(DATA PROVIDED)
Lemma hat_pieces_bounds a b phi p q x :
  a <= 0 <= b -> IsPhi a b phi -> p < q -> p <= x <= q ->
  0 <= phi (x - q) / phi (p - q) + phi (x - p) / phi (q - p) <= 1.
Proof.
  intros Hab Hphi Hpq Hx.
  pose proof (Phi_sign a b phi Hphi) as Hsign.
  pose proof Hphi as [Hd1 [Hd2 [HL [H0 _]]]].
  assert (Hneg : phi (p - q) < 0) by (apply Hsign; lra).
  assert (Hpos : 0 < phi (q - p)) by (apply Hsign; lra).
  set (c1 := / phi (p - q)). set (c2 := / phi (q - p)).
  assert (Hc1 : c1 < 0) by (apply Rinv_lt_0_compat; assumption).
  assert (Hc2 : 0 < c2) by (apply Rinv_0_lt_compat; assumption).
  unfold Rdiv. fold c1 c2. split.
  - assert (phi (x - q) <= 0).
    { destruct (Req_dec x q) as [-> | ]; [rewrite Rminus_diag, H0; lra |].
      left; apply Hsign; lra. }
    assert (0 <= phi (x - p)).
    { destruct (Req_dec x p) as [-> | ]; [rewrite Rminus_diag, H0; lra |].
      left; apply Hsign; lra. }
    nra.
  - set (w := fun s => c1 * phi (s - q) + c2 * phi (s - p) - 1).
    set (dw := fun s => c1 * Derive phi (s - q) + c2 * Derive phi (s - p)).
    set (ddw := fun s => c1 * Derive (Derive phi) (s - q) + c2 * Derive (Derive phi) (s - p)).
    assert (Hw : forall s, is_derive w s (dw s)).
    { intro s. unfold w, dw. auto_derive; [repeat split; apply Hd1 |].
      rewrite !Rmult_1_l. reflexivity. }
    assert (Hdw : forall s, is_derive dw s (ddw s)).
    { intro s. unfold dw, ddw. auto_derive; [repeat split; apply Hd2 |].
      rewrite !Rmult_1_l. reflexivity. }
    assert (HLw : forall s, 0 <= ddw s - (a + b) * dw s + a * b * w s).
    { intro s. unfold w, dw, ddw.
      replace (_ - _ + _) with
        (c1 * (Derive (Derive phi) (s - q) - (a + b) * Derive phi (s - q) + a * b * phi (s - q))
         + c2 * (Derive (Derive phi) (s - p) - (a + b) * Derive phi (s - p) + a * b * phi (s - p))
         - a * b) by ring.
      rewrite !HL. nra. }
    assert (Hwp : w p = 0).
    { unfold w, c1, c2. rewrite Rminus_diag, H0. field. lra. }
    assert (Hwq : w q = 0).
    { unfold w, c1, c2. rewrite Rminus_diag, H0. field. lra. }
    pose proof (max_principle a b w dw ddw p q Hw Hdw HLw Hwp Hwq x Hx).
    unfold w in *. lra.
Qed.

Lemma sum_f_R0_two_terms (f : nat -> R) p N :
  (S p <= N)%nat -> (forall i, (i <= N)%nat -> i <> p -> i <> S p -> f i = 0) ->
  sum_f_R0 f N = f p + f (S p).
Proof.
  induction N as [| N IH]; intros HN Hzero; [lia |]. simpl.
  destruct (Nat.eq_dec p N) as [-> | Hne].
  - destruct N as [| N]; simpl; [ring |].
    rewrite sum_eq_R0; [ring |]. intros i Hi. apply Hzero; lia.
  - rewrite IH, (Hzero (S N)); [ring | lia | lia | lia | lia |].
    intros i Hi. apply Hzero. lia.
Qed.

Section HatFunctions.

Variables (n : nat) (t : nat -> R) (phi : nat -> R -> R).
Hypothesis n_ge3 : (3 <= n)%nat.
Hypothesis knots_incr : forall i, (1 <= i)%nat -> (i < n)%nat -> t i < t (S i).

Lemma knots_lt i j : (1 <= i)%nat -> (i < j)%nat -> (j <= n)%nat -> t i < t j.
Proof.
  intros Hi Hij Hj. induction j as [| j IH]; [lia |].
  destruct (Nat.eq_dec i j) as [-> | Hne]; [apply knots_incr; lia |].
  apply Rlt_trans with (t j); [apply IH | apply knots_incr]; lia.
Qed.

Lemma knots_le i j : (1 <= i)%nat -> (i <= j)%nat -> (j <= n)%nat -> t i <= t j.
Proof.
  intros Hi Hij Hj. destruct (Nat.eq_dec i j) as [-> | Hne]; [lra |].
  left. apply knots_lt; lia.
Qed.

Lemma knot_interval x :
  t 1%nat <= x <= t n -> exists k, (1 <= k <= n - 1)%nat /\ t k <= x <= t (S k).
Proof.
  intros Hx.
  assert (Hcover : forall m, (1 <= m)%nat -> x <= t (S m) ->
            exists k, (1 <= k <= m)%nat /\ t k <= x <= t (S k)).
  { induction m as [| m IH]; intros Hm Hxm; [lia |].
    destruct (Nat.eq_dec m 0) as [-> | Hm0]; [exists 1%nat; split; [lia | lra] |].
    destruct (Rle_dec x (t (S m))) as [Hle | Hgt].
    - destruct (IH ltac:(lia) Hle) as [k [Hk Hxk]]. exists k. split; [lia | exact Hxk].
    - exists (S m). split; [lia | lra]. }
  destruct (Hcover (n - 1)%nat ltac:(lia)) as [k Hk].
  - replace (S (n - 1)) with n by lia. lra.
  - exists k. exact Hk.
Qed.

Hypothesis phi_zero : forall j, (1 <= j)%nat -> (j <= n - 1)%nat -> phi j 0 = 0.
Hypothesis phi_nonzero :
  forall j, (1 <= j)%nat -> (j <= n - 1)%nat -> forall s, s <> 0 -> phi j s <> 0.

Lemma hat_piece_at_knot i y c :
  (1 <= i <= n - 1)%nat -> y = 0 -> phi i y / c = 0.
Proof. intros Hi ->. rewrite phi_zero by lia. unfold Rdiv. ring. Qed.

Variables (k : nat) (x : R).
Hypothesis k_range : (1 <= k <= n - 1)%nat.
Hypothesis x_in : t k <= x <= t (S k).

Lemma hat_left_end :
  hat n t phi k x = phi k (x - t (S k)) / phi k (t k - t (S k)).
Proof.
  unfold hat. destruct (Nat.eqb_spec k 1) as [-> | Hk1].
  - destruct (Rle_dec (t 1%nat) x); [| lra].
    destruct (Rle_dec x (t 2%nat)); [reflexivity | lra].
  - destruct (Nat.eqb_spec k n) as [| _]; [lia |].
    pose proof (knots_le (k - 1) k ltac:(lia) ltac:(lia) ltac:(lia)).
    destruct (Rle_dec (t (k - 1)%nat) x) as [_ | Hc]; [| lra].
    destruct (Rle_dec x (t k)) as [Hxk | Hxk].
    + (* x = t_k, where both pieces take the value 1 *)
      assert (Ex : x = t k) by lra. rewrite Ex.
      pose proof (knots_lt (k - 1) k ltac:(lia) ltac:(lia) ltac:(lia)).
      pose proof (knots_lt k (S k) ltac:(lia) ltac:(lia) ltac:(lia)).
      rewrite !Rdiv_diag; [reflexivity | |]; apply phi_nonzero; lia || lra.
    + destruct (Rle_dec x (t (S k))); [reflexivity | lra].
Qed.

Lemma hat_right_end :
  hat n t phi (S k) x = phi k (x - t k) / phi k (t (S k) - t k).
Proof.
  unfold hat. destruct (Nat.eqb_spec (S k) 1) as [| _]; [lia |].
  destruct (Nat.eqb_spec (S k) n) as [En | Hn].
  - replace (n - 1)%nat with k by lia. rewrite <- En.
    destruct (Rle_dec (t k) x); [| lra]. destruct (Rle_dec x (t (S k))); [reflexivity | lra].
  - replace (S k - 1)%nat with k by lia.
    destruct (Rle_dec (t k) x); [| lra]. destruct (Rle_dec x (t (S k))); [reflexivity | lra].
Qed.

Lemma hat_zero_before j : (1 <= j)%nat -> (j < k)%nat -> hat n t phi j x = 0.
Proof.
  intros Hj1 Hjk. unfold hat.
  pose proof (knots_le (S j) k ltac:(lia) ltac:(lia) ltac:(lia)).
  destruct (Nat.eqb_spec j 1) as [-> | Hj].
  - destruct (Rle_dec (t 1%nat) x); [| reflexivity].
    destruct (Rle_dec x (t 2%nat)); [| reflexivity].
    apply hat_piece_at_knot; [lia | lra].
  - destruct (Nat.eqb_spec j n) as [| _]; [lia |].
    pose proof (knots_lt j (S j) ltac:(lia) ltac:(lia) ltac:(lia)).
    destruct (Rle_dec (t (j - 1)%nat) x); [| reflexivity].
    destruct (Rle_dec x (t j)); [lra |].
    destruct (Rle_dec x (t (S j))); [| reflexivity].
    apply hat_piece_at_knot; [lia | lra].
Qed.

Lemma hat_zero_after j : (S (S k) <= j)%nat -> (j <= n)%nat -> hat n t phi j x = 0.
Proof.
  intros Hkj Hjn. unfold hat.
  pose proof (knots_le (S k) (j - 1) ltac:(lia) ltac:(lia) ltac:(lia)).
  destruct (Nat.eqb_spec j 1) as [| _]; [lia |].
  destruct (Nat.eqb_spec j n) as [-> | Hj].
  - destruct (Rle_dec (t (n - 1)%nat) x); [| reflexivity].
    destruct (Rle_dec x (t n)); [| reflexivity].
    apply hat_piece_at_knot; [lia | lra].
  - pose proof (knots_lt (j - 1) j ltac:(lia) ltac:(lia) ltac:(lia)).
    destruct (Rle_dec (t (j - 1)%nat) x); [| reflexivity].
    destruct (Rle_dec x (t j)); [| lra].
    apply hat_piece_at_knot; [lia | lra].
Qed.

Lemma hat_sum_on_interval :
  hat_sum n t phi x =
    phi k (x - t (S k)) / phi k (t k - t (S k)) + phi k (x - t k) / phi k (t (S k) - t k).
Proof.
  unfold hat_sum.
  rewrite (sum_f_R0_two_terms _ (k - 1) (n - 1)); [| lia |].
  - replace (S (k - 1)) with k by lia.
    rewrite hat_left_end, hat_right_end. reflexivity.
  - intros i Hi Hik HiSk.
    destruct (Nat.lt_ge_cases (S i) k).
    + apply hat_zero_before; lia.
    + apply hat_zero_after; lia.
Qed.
(End DATA PROVIDED)
> [TRY IT] Would you print, exactly as written, every line above from the one holding "destruct (Nat.eqb_spec (S k) n)" through the one holding "- replace (S (k - 1)) with k by lia.", with both included and no other lines?

> [SOLUTION]
  destruct (Nat.eqb_spec (S k) n) as [En | Hn].
  - replace (n - 1)%nat with k by lia. rewrite <- En.
    destruct (Rle_dec (t k) x); [| lra]. destruct (Rle_dec x (t (S k))); [reflexivity | lra].
  - replace (S k - 1)%nat with k by lia.
    destruct (Rle_dec (t k) x); [| lra]. destruct (Rle_dec x (t (S k))); [reflexivity | lra].
Qed.

Lemma hat_zero_before j : (1 <= j)%nat -> (j < k)%nat -> hat n t phi j x = 0.
Proof.
  intros Hj1 Hjk. unfold hat.
  pose proof (knots_le (S j) k ltac:(lia) ltac:(lia) ltac:(lia)).
  destruct (Nat.eqb_spec j 1) as [-> | Hj].
  - destruct (Rle_dec (t 1%nat) x); [| reflexivity].
    destruct (Rle_dec x (t 2%nat)); [| reflexivity].
    apply hat_piece_at_knot; [lia | lra].
  - destruct (Nat.eqb_spec j n) as [| _]; [lia |].
    pose proof (knots_lt j (S j) ltac:(lia) ltac:(lia) ltac:(lia)).
    destruct (Rle_dec (t (j - 1)%nat) x); [| reflexivity].
    destruct (Rle_dec x (t j)); [lra |].
    destruct (Rle_dec x (t (S j))); [| reflexivity].
    apply hat_piece_at_knot; [lia | lra].
Qed.

Lemma hat_zero_after j : (S (S k) <= j)%nat -> (j <= n)%nat -> hat n t phi j x = 0.
Proof.
  intros Hkj Hjn. unfold hat.
  pose proof (knots_le (S k) (j - 1) ltac:(lia) ltac:(lia) ltac:(lia)).
  destruct (Nat.eqb_spec j 1) as [| _]; [lia |].
  destruct (Nat.eqb_spec j n) as [-> | Hj].
  - destruct (Rle_dec (t (n - 1)%nat) x); [| reflexivity].
    destruct (Rle_dec x (t n)); [| reflexivity].
    apply hat_piece_at_knot; [lia | lra].
  - pose proof (knots_lt (j - 1) j ltac:(lia) ltac:(lia) ltac:(lia)).
    destruct (Rle_dec (t (j - 1)%nat) x); [| reflexivity].
    destruct (Rle_dec x (t j)); [| lra].
    apply hat_piece_at_knot; [lia | lra].
Qed.

Lemma hat_sum_on_interval :
  hat_sum n t phi x =
    phi k (x - t (S k)) / phi k (t k - t (S k)) + phi k (x - t k) / phi k (t (S k) - t k).
Proof.
  unfold hat_sum.
  rewrite (sum_f_R0_two_terms _ (k - 1) (n - 1)); [| lia |].
  - replace (S (k - 1)) with k by lia.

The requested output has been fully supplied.